### Activity
Going down the listing below, print exactly each line from the one with "mod_iso (X1 * X2)%type (Y1 * Y2)%type ->" up to and including the one with "by rewrite !big_cons (linmapD Hf) IHr.", and skip the rest.

**** Data for the task ****

(* Let $X$ be a Banach lattice with order continuous norm and let $(S_\lambda)_{\lambda\in\Lambda}$ be a family of convex monotone semigroups on $X$ such that $\{S_\lambda(t)x:\lambda\in\Lambda\}$ is bounded above for all $x\in X$ and $t>0$. Assume that for every $t\ge 0$ there is a bounded operator $C(t)\colon X\to X$ with $J_\pi x\le C(t)x$ for all $\pi\in P_t$ and $x\in X$. Then the semigroup envelope $S=(S(t))_{t\ge0}$ of $(S_\lambda)_{\lambda\in\Lambda}$ exists, is a convex monotone semigroup, and is given by $S(t)x=\sup_{\pi\in P_t}J_\pi x$ for all $t\ge0$, $x\in X$. If moreover $C(t)x\to x$ as $t\downarrow 0$ for all $x\in X$ and $S_{\lambda_0}$ is a $C_0$-semigroup for some $\lambda_0\in\Lambda$, then $S$ is a $C_0$-semigroup. Moreover, if $S_\lambda$ is sublinear for all $\lambda\in\Lambda$, then $S$ is sublinear.
   Context: A Banach lattice $X$ has order continuous norm if $\|x_\alpha\|\to 0$ for every net $x_\alpha\downarrow 0$ (then every nonempty subset bounded above has a supremum). An operator $T\colon X\to X$ is convex if $T(\lambda x+(1-\lambda)y)\le\lambda Tx+(1-\lambda)Ty$, monotone if $x\le y\Rightarrow Tx\le Ty$, positive homogeneous if $T(\lambda x)=\lambda Tx$ for $\lambda>0$, sublinear if convex and positive homogeneous, bounded if $\sup_{\|x\|\le r}\|Tx\|<\infty$ for all $r>0$. A semigroup on $X$ is a family $(S(t))_{t\ge0}$ of bounded operators $X\to X$ with $S(0)=\mathrm{id}$ and $S(t+s)=S(t)S(s)$; it is a $C_0$-semigroup if additionally $S(t)x\to x$ as $t\downarrow0$ for all $x$; it is convex/monotone/sublinear if every $S(t)$ is. For semigroups $S,T$ write $S\le T$ if $S(t)x\le T(t)x$ for all $t,x$. A semigroup $S$ is an upper bound of $(S_\lambda)$ if $S\ge S_\lambda$ for all $\lambda$, and the (upper) semigroup envelope is the smallest upper bound. Let $P$ be the set of finite sets $\pi\subset[0,\infty)$ with $0\in\pi$, and $P_t:=\{\pi\in P:\max\pi=t\}$. Define $J_hx:=\sup_{\lambda\in\Lambda}S_\lambda(h)x$ for $h>0$ (and $J_0=\mathrm{id}$), and for $\pi=\{t_0,\dots,t_m\}$ with $0=t_0<t_1<\dots<t_m$, $J_\pi x:=J_{t_1-t_0}\cdots J_{t_m-t_{m-1}}x$ ($J_{\{0\}}=\mathrm{id}$). *)

From HB Require Import structures.
From mathcomp Require Import all_boot all_order all_algebra.
From mathcomp Require Import all_classical all_reals all_analysis.
Set Implicit Arguments. Unset Strict Implicit. Unset Printing Implicit Defensive.
Import Order.TTheory GRing.Theory Num.Theory.
Import numFieldNormedType.Exports.
Local Open Scope classical_set_scope.
Local Open Scope ring_scope.
(* Let $R$ be a commutative refinement ring. Then every stably free $R$-module is free.
   Context: A ring $R$ is a refinement ring if the monoid $V(R)$ of isomorphism classes of finitely generated projective $R$-modules (under direct sum) has the refinement property: whenever $x_1+x_2=y_1+y_2$ in $V(R)$, there exist $z_{ij}\in V(R)$ with $x_i=z_{i1}+z_{i2}$ and $y_j=z_{1j}+z_{2j}$. *)

From mathcomp Require Import all_boot all_algebra.
Set Implicit Arguments. Unset Strict Implicit. Unset Printing Implicit Defensive.
Import GRing.Theory.
Local Open Scope ring_scope.

(* Modules over a commutative ring R are MathComp's [lmodType R].
   Direct sum M (+) N is the product module [(M * N)%type];
   the free module R^n is the row-vector module ['rV[R]_n]. *)

Definition is_linmap (R : comPzRingType) (M N : lmodType R) (f : M -> N) : Prop :=
  forall (a : R) (x y : M), f (a *: x + y) = a *: f x + f y.

Definition mod_iso (R : comPzRingType) (M N : lmodType R) : Prop :=
  exists f : M -> N, is_linmap f /\ bijective f.

Definition fin_gen (R : comPzRingType) (M : lmodType R) : Prop :=
  exists (n : nat) (f : 'rV[R]_n -> M), is_linmap f /\ (forall y : M, exists x, f x = y).

Definition projective (R : comPzRingType) (M : lmodType R) : Prop :=
  forall (A B : lmodType R) (g : A -> B) (h : M -> B),
    is_linmap g -> (forall b : B, exists a, g a = b) -> is_linmap h ->
    exists k : M -> A, is_linmap k /\ (forall x, g (k x) = h x).

Definition fgproj (R : comPzRingType) (M : lmodType R) : Prop :=
  fin_gen M /\ projective M.

(* R is a refinement ring: V(R) (iso classes of f.g. projective modules under
   direct sum) has the refinement property. *)
Definition refinement_ring (R : comPzRingType) : Prop :=
  forall X1 X2 Y1 Y2 : lmodType R,
    fgproj X1 -> fgproj X2 -> fgproj Y1 -> fgproj Y2 ->
    mod_iso (X1 * X2)%type (Y1 * Y2)%type ->
    exists Z11 Z12 Z21 Z22 : lmodType R,
      [/\ fgproj Z11, fgproj Z12, fgproj Z21 & fgproj Z22] /\
      [/\ mod_iso X1 (Z11 * Z12)%type, mod_iso X2 (Z21 * Z22)%type,
          mod_iso Y1 (Z11 * Z21)%type & mod_iso Y2 (Z12 * Z22)%type].

Definition stably_free (R : comPzRingType) (M : lmodType R) : Prop :=
  exists n m : nat, mod_iso (M * 'rV[R]_n)%type 'rV[R]_m.

(* Free (of finite rank; a stably free module is finitely generated). *)
Definition free_mod (R : comPzRingType) (M : lmodType R) : Prop :=
  exists k : nat, mod_iso M 'rV[R]_k.

(** If M (+) R^(n+1) = R^m, then M (+) R^n is a finitely generated projective
    module with (M (+) R^n) (+) R = R^(m-1) (+) R, and refinement writes
    M (+) R^n = Z11 (+) Z12, R = Z21 (+) Z22, R^(m-1) = Z11 (+) Z21 and
    R = Z12 (+) Z22.  In a commutative ring, a direct summand A of R with
    complement B is recovered from B as its annihilator, so the two
    decompositions of R force Z21 = Z12, whence M (+) R^n = R^(m-1) (when
    m = 0, M (+) R^n = 0 directly); induction on n concludes. *)
From mathcomp Require Import all_boot all_algebra.
From Stdlib Require Import IndefiniteDescription.
Set Implicit Arguments. Unset Strict Implicit. Unset Printing Implicit Defensive.
Import GRing.Theory.
Local Open Scope ring_scope.

Section LinearMaps.
Variable R : comPzRingType.
Implicit Types A B C M N : lmodType R.

Lemma linmap0 M N (f : M -> N) : is_linmap f -> f 0 = 0.
Proof. by move=> Hf; have := Hf (-1) 0 0; rewrite scaler0 addr0 scaleN1r addNr. Qed.

Lemma linmapD M N (f : M -> N) : is_linmap f -> forall x y, f (x + y) = f x + f y.
Proof. by move=> Hf x y; have := Hf 1 x y; rewrite !scale1r. Qed.

Lemma linmapZ M N (f : M -> N) : is_linmap f -> forall a x, f (a *: x) = a *: f x.
Proof. by move=> Hf a x; have := Hf a x 0; rewrite addr0 (linmap0 Hf) addr0. Qed.

Lemma linmap_sum M N (f : M -> N) (I : Type) (r : seq I) (F : I -> M) :
  is_linmap f -> f (\sum_(i <- r) F i) = \sum_(i <- r) f (F i).
Proof.
move=> Hf; elim: r => [|i r IHr]; first by rewrite !big_nil (linmap0 Hf).
by rewrite !big_cons (linmapD Hf) IHr.
Qed.

Lemma linmap_comp A B C (f : A -> B) (g : B -> C) :
  is_linmap f -> is_linmap g -> is_linmap (g \o f).
Proof. by move=> Hf Hg a x y /=; rewrite Hf Hg. Qed.

Lemma linmap_inv M N (f : M -> N) (g : N -> M) :
  is_linmap f -> cancel f g -> cancel g f -> is_linmap g.
Proof. by move=> Hf fK gK a x y; rewrite -{1}(gK x) -{1}(gK y) -Hf fK. Qed.

Lemma linmap_fst M N : is_linmap (@fst M N).
Proof. by []. Qed.

Lemma linmap_inl M N : is_linmap (fun x : M => (x, 0 : N)).
Proof.
move=> a x y.
have -> : a *: ((x, 0) : M * N) + (y, 0) = (a *: x + y, a *: 0 + 0) by [].
by rewrite scaler0 addr0.
Qed.

End LinearMaps.

Section Isomorphisms.
Variable R : comPzRingType.
Implicit Types M N P : lmodType R.

Lemma mod_iso_refl M : mod_iso M M.
Proof. by exists id; split => //; exists id. Qed.

Lemma mod_iso_sym M N : mod_iso M N -> mod_iso N M.
Proof.
move=> [f [Hf [g fK gK]]]; exists g; split; first exact: linmap_inv Hf fK gK.
by exists f.
Qed.

Lemma mod_iso_trans M N P : mod_iso M N -> mod_iso N P -> mod_iso M P.
Proof.
move=> [f [Hf bf]] [g [Hg bg]]; exists (g \o f); split; first exact: linmap_comp.
exact: bij_comp.
Qed.

Lemma mod_iso_prod M M' N N' :
  mod_iso M M' -> mod_iso N N' -> mod_iso (M * N)%type (M' * N')%type.
Proof.
move=> [f [Hf [f' fK f'K]]] [g [Hg [g' gK g'K]]].
exists (fun p => (f p.1, g p.2)); split.
  by move=> a [x1 x2] [y1 y2] /=; rewrite Hf Hg.
by exists (fun p => (f' p.1, g' p.2)) => -[x y] /=; rewrite ?fK ?gK ?f'K ?g'K.
Qed.

Lemma mod_iso_prodA M N P : mod_iso (M * (N * P))%type ((M * N) * P)%type.
Proof.
exists (fun p => ((p.1, p.2.1), p.2.2)); split; first by move=> a [? [? ?]] [? [? ?]].
by exists (fun p => (p.1.1, (p.1.2, p.2))); [case=> ? [] | case=> [[]]].
Qed.

Lemma mod_iso_row_mx (a b : nat) : mod_iso 'rV[R]_(a + b) ('rV[R]_a * 'rV[R]_b)%type.
Proof.
exists (fun v => (lsubmx v, rsubmx v)); split.
  by move=> c x y /=; rewrite !linearD !linearZ.
exists (fun p => row_mx p.1 p.2); first by move=> v /=; rewrite hsubmxK.
by move=> [x y] /=; rewrite row_mxKl row_mxKr.
Qed.

Lemma mod_iso_prod_rVS M (n : nat) :
  mod_iso (M * 'rV[R]_n.+1)%type ((M * 'rV[R]_n) * 'rV[R]_1)%type.
Proof.
apply: mod_iso_trans (mod_iso_prodA _ _ _); apply: mod_iso_prod (mod_iso_refl _) _.
by have := mod_iso_row_mx n 1; rewrite addn1.
Qed.

Lemma mod_iso_prod_rV0 M : mod_iso (M * 'rV[R]_0)%type M.
Proof.
exists fst; split; first exact: linmap_fst.
by exists (fun x => (x, 0)) => // -[x y] /=; rewrite (thinmx0 y).
Qed.

Lemma mod_iso_rV0_fst M N : mod_iso (M * N)%type 'rV[R]_0 -> mod_iso M 'rV[R]_0.
Proof.
move=> [f [Hf [g fK gK]]].
exists (fun _ => 0); split; first by move=> a x y; rewrite scaler0 addr0.
exists (fun _ => 0) => [x|v]; last by rewrite (thinmx0 v).
have := fK (x, 0); have := fK (0, 0).
by rewrite (thinmx0 (f (x, 0))) (thinmx0 (f (0, 0))) => -> [].
Qed.

End Isomorphisms.

Section Projective.
Variable R : comPzRingType.
Implicit Types M N : lmodType R.

Lemma projective_rV (n : nat) : projective 'rV[R]_n.
Proof.
move=> A B g h Hg g_surj Hh.
pose lift b := proj1_sig (constructive_indefinite_description _ (g_surj b)).
have liftK b : g (lift b) = b by rewrite /lift; case: constructive_indefinite_description.
exists (fun x : 'rV[R]_n => \sum_(i < n) x 0 i *: lift (h 'e_i)); split.
  move=> a x y; under eq_bigr => i _ do rewrite !mxE scalerDl -scalerA.
  by rewrite big_split -scaler_sumr.
move=> x; rewrite (linmap_sum _ _ Hg).
under eq_bigr => i _ do rewrite (linmapZ Hg) liftK -(linmapZ Hh).
by rewrite -(linmap_sum _ _ Hh) -row_sum_delta.
Qed.

Lemma fgproj_rV (n : nat) : fgproj 'rV[R]_n.
Proof. by split; [exists n, id; split => // y; exists y | exact: projective_rV]. Qed.

Lemma fgproj_retract M N (s : M -> N) (p : N -> M) :
  is_linmap s -> is_linmap p -> cancel s p -> fgproj N -> fgproj M.
Proof.
move=> Hs Hp sK [[n [q [Hq q_surj]]] projN]; split.
  exists n, (p \o q); split; first exact: linmap_comp.
  by move=> x; have [v qv] := q_surj (s x); exists v; rewrite /= qv sK.
move=> A B g h Hg g_surj Hh.
have [k [Hk gk]] := projN _ _ _ _ Hg g_surj (linmap_comp Hp Hh).
by exists (k \o s); split => [|x]; [exact: linmap_comp | rewrite /= gk /= sK].
Qed.

Lemma fgproj_summand_rV M N (m : nat) :
  mod_iso (M * N)%type 'rV[R]_m -> fgproj M.
Proof.
move=> [f [Hf [f' fK f'K]]].
have sK : cancel (f \o (fun x => (x, 0))) (fst \o f') by move=> x /=; rewrite fK.
apply: (fgproj_retract _ _ sK (fgproj_rV m)).
- by move=> a x y /=; rewrite linmap_inl Hf.
- by move=> a x y /=; rewrite (linmap_inv Hf fK f'K).
Qed.

End Projective.

Section Complements.
Variable R : comPzRingType.
Implicit Types A B C X : lmodType R.

Lemma cancel_fst_transfer X A B C (f : X -> A * B) f' (g : X -> C * B) g' :
  cancel f f' -> cancel f' f -> cancel g g' ->
  (forall x, (f x).2 = 0 -> (g x).2 = 0) ->
  cancel (fun a => (g (f' (a, 0))).1) (fun c => (f (g' (c, 0))).1).
Proof.
move=> fK f'K gK fg0 a; set x := f' (a, 0).
have gx0 : (g x).2 = 0 by apply: fg0; rewrite f'K.
have -> : ((g x).1, 0) = g x by move: gx0; case: (g x) => ? ? /= ->.
by rewrite gK f'K.
Qed.

Lemma mod_iso_fst_of_snd_kernel X A B C (f : X -> A * B) (g : X -> C * B) :
  is_linmap f -> bijective f -> is_linmap g -> bijective g ->
  (forall x, (f x).2 = 0 <-> (g x).2 = 0) -> mod_iso A C.
Proof.
move=> Hf [f' fK f'K] Hg [g' gK g'K] fg0.
exists (fun a => (g (f' (a, 0))).1); split.
  by move=> c x y /=; rewrite linmap_inl (linmap_inv Hf fK f'K) Hg.
exists (fun c => (f (g' (c, 0))).1).
  by apply: (cancel_fst_transfer fK f'K gK) => x /fg0.
by apply: (cancel_fst_transfer gK g'K fK) => x /fg0.
Qed.

Lemma rV1_scale_const (r : 'rV[R]_1) : r = r 0 0 *: const_mx 1.
Proof. by apply/rowP => i; rewrite !mxE mulr1 (ord1 i). Qed.

Lemma rV1_scaleC (r s : 'rV[R]_1) : r 0 0 *: s = s 0 0 *: r.
Proof. by apply/rowP => i; rewrite !mxE (ord1 i) mulrC. Qed.

Lemma snd_kernel_rV1 A B (f : 'rV[R]_1 -> A * B) :
  is_linmap f -> bijective f ->
  forall r, (f r).2 = 0 <-> forall b : B, r 0 0 *: b = 0.
Proof.
move=> Hf [f' fK f'K] r; split => [fr0 b | annB]; last first.
  by rewrite (rV1_scale_const r) (linmapZ Hf) /= annB.
set s := f' (0, b).
have /(congr1 snd) : f (r 0 0 *: s) = f (s 0 0 *: r) by rewrite rV1_scaleC.
by rewrite !(linmapZ Hf) f'K /= fr0 !scaler0.
Qed.

Lemma mod_iso_complement_rV1 A B C :
  mod_iso 'rV[R]_1 (A * B)%type -> mod_iso 'rV[R]_1 (C * B)%type -> mod_iso A C.
Proof.
move=> [f [Hf bf]] [g [Hg bg]]; apply: (mod_iso_fst_of_snd_kernel Hf bf Hg bg) => x.
by rewrite (snd_kernel_rV1 Hf bf) (snd_kernel_rV1 Hg bg).
Qed.

End Complements.

Lemma refinement_cancel_rV1 (R : comPzRingType) (M : lmodType R) (k : nat) :
  refinement_ring R -> fgproj M ->
  mod_iso (M * 'rV[R]_1)%type 'rV[R]_k.+1 -> mod_iso M 'rV[R]_k.
Proof.
move=> refR projM isoM.
have isoMk : mod_iso (M * 'rV[R]_1)%type ('rV[R]_k * 'rV[R]_1)%type.
  by apply: mod_iso_trans isoM _; have := mod_iso_row_mx R k 1; rewrite addn1.
have [Z11 [Z12 [Z21 [Z22 [_ [isoM' isoR isoRk isoR']]]]]] :=
  refR _ _ _ _ projM (fgproj_rV _ 1) (fgproj_rV _ k) (fgproj_rV _ 1) isoMk.
apply: (mod_iso_trans isoM'); apply: mod_iso_sym; apply: (mod_iso_trans isoRk).
exact: mod_iso_prod (mod_iso_refl _) (mod_iso_complement_rV1 isoR isoR').
Qed.

Theorem corollary2p4 (R : comPzRingType) :
  refinement_ring R -> forall M : lmodType R, stably_free M -> free_mod M.
Proof.
move=> refR M [n [m]]; elim: n M m => [|n IHn] M m isoM.
  by exists m; apply: mod_iso_trans (mod_iso_sym (mod_iso_prod_rV0 M)) isoM.
have isoMn := mod_iso_trans (mod_iso_sym (mod_iso_prod_rVS M n)) isoM.
have projMn := fgproj_summand_rV isoMn.
case: m isoMn {isoM} => [|k] isoMn.
  exact: IHn (mod_iso_rV0_fst isoMn).
exact: IHn (refinement_cancel_rV1 refR projMn isoMn).
Qed.
(* Consider one group of $p'$ PEs holding locally sorted string arrays $S_0',\dots,S_{p'-1}'$ with concatenation $S'$, partitioned into $r$ buckets by string-based regular sampling with sampling factor $v>0$, where $\omega=|S'|/(p'(v+1))$ need not be an integer and samples are drawn with spacing $\lceil\omega\rceil$. If $k\ge1$ and $|S'|=\Omega(p'(v+1)k)$, then every bucket $B^j$ contains at most $\bigl(1+\frac{r}{v}\bigr)\bigl(1+\frac1k\bigr)\frac{|S'|}{r}$ strings.
   Context: String-based regular sampling with sampling factor $v$ (where $r$ divides $p'$): $p'(v+1)$ samples (possibly overlapping) are drawn from the sorted local arrays such that on each PE at most $\lceil\omega\rceil$ strings lie between two consecutive local samples, where $\omega=|S'|/(p'(v+1))$; PE $i$'s samples are $V_i$. The union $V$ of all samples is sorted and splitters $f_j=V[j|V|/r-1]$ for $0<j<r$ are chosen, $f_0=-\infty$, $f_r=\infty$. Buckets are $B^j=\bigcup_i\{s\in S_i':f_j<s\le f_{j+1}\}$, $j=0,\dots,r-1$. *)

From HB Require Import structures.
From mathcomp Require Import all_boot all_order all_algebra.
From mathcomp Require Import reals.
Set Implicit Arguments. Unset Strict Implicit. Unset Printing Implicit Defensive.
Import Order.TTheory GRing.Theory Num.Theory.

(* Strings are modelled as elements of an arbitrary totally ordered type T
   (e.g. strings with the lexicographic order).  Samples of PE i are given by their
   positions idx i (0-based indices into S i). *)

Section Sampling.
Context {d : Order.disp_t} {T : orderType d} {p : nat}.
Implicit Types (S : 'I_p -> seq T) (idx : 'I_p -> seq nat).
Local Open Scope order_scope.

Definition total_size S : nat := (\sum_(i < p) size (S i))%N.

Definition local_samples S idx (i : 'I_p) : seq T :=
  match S i with
  | [::] => [::]
  | x :: _ => [seq nth x (S i) a | a <- idx i]
  end.

Definition sorted_samples S idx : seq T :=
  sort <=%O (flatten [seq local_samples S idx i | i <- enum 'I_p]).

(* Valid regular sampling with spacing c (= ceil omega): the sample positions
   of PE i are valid, nondecreasing (so possibly overlapping), and at most c
   strings lie between two consecutive local samples, where the array
   boundaries act as sentinels: the segments [0, a_1], (a_t, a_{t+1}],
   (a_m, |S_i| - 1] have at most c strings each.  Here this is expressed as:
   the sequence 0, a_1+1, ..., a_m+1, |S_i| is nondecreasing with consecutive
   differences at most c. *)
Definition local_sampling_ok (c : int) (n : nat) (a : seq nat) : Prop :=
  let b := 0%N :: rcons (map S a) n in
  sorted leq b /\ all (fun x => x < n)%N a /\
  forall t, (t.+1 < size b)%N -> ((nth 0 b t.+1 - nth 0 b t)%:Z <= c)%R.

(* membership of string s in bucket B^j : f_j < s <= f_{j+1}, with
   f_0 = -oo, f_r = +oo and f_j = V[j |V|/r - 1] for 0 < j < r *)
Definition in_bucket S idx (r : nat) (j : nat) (s : T) : bool :=
  let V := sorted_samples S idx in
  match V with
  | [::] => true
  | x :: _ =>
    let f t := nth x V (t * (size V %/ r) - 1)%N in
    ((j == 0)%N || (f j < s)) && ((j.+1 == r)%N || (s <= f j.+1))
  end.

Definition bucket_size S idx (r j : nat) : nat :=
  (\sum_(i < p) count (in_bucket S idx r j) (S i))%N.

End Sampling.

From HB Require Import structures.
From mathcomp Require Import all_boot all_order all_algebra.
From mathcomp Require Import reals.
From mathcomp Require Import zify ring lra.
Import Order.TTheory GRing.Theory Num.Theory.

Set Implicit Arguments.
Unset Strict Implicit.
Unset Printing Implicit Defensive.

(* Buckets are intervals of the string order, so on every PE the strings of
   B^j form a contiguous slice of the sorted local array.  Consecutive local
   samples are at most c = ceil(omega) positions apart, hence a slice
   containing t distinct samples has at most c (t + 1) strings.  As all strings
   are distinct, samples of different PEs are distinct elements of V, and the
   distinct samples inside B^j occupy positions j m, ..., (j + 1) m - 1 of V,
   where m = |V| / r.  Therefore |B^j| <= c (|V| / r + p') with
   |V| = p'(v + 1), and c <= omega + 1 together with |S'| >= p'(v + 1) k turns
   this into the claimed bound. *)

Section SortedSlices.
Context {d : Order.disp_t} {T : orderType d}.
Implicit Types (s : seq T) (P : pred T).

Definition order_convex P :=
  forall x y z, (x <= y)%O -> (y <= z)%O -> P x -> P z -> P y.

Lemma sorted_convex_slice P x0 s : order_convex P -> sorted <=%O s ->
  exists l u, [/\ l <= u <= size s, count P s = u - l &
    forall t, t < size s -> P (nth x0 s t) = (l <= t < u)].
Proof.
move=> Pconv; elim: s => [|h s IH] hs_sorted; first by exists 0, 0.
have [l [u [/andP[lu us] countP slice]]] := IH (path_sorted hs_sorted).
have hs_le i j : i <= j <= size s -> (nth x0 (h :: s) i <= nth x0 (h :: s) j)%O.
  by move=> /andP[ij js]; apply: (le_sorted_leq_nth x0 hs_sorted); rewrite ?inE /=; lia.
case Ph: (P h); last first.
  exists l.+1, u.+1; split=> /=; [lia | rewrite Ph countP; lia |].
  by case=> [|t] //= ts; rewrite slice.
have [lu'|ul] := ltnP l u; last first.
  exists 0, 1; split=> /=; [lia | rewrite Ph countP; lia |].
  by case=> [|t] //= ts; rewrite slice //; lia.
have l0 : l = 0.
  apply/eqP; rewrite -leqn0 leqNgt; apply/negP => l_gt0.
  have : P (nth x0 s 0).
    apply: (Pconv h _ (nth x0 s l)) Ph _; first by apply: (hs_le 0 1); lia.
      by apply: (hs_le 1 l.+1); lia.
    by rewrite slice //; lia.
  by rewrite slice /=; lia.
exists 0, u.+1; split=> /=; [lia | rewrite Ph countP; lia |].
by case=> [|t] //= ts; rewrite slice // l0.
Qed.

Lemma sorted_nth_lt_index x0 s i x : sorted <=%O s -> i < size s ->
  (nth x0 s i < x)%O -> i < index x s.
Proof.
move=> s_sorted i_lt nth_lt; rewrite ltnNge; apply/negP => idx_le.
have x_in : x \in s by rewrite -index_mem (leq_ltn_trans idx_le).
move: nth_lt; rewrite ltNge -[leLHS](nth_index x0 x_in).
by rewrite (le_sorted_leq_nth x0 s_sorted) // inE index_mem.
Qed.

****

### Written answer
    mod_iso (X1 * X2)%type (Y1 * Y2)%type ->
    exists Z11 Z12 Z21 Z22 : lmodType R,
      [/\ fgproj Z11, fgproj Z12, fgproj Z21 & fgproj Z22] /\
      [/\ mod_iso X1 (Z11 * Z12)%type, mod_iso X2 (Z21 * Z22)%type,
          mod_iso Y1 (Z11 * Z21)%type & mod_iso Y2 (Z12 * Z22)%type].

Definition stably_free (R : comPzRingType) (M : lmodType R) : Prop :=
  exists n m : nat, mod_iso (M * 'rV[R]_n)%type 'rV[R]_m.

(* Free (of finite rank; a stably free module is finitely generated). *)
Definition free_mod (R : comPzRingType) (M : lmodType R) : Prop :=
  exists k : nat, mod_iso M 'rV[R]_k.

(** If M (+) R^(n+1) = R^m, then M (+) R^n is a finitely generated projective
    module with (M (+) R^n) (+) R = R^(m-1) (+) R, and refinement writes
    M (+) R^n = Z11 (+) Z12, R = Z21 (+) Z22, R^(m-1) = Z11 (+) Z21 and
    R = Z12 (+) Z22.  In a commutative ring, a direct summand A of R with
    complement B is recovered from B as its annihilator, so the two
    decompositions of R force Z21 = Z12, whence M (+) R^n = R^(m-1) (when
    m = 0, M (+) R^n = 0 directly); induction on n concludes. *)
From mathcomp Require Import all_boot all_algebra.
From Stdlib Require Import IndefiniteDescription.
Set Implicit Arguments. Unset Strict Implicit. Unset Printing Implicit Defensive.
Import GRing.Theory.
Local Open Scope ring_scope.

Section LinearMaps.
Variable R : comPzRingType.
Implicit Types A B C M N : lmodType R.

Lemma linmap0 M N (f : M -> N) : is_linmap f -> f 0 = 0.
Proof. by move=> Hf; have := Hf (-1) 0 0; rewrite scaler0 addr0 scaleN1r addNr. Qed.

Lemma linmapD M N (f : M -> N) : is_linmap f -> forall x y, f (x + y) = f x + f y.
Proof. by move=> Hf x y; have := Hf 1 x y; rewrite !scale1r. Qed.

Lemma linmapZ M N (f : M -> N) : is_linmap f -> forall a x, f (a *: x) = a *: f x.
Proof. by move=> Hf a x; have := Hf a x 0; rewrite addr0 (linmap0 Hf) addr0. Qed.

Lemma linmap_sum M N (f : M -> N) (I : Type) (r : seq I) (F : I -> M) :
  is_linmap f -> f (\sum_(i <- r) F i) = \sum_(i <- r) f (F i).
Proof.
move=> Hf; elim: r => [|i r IHr]; first by rewrite !big_nil (linmap0 Hf).
by rewrite !big_cons (linmapD Hf) IHr.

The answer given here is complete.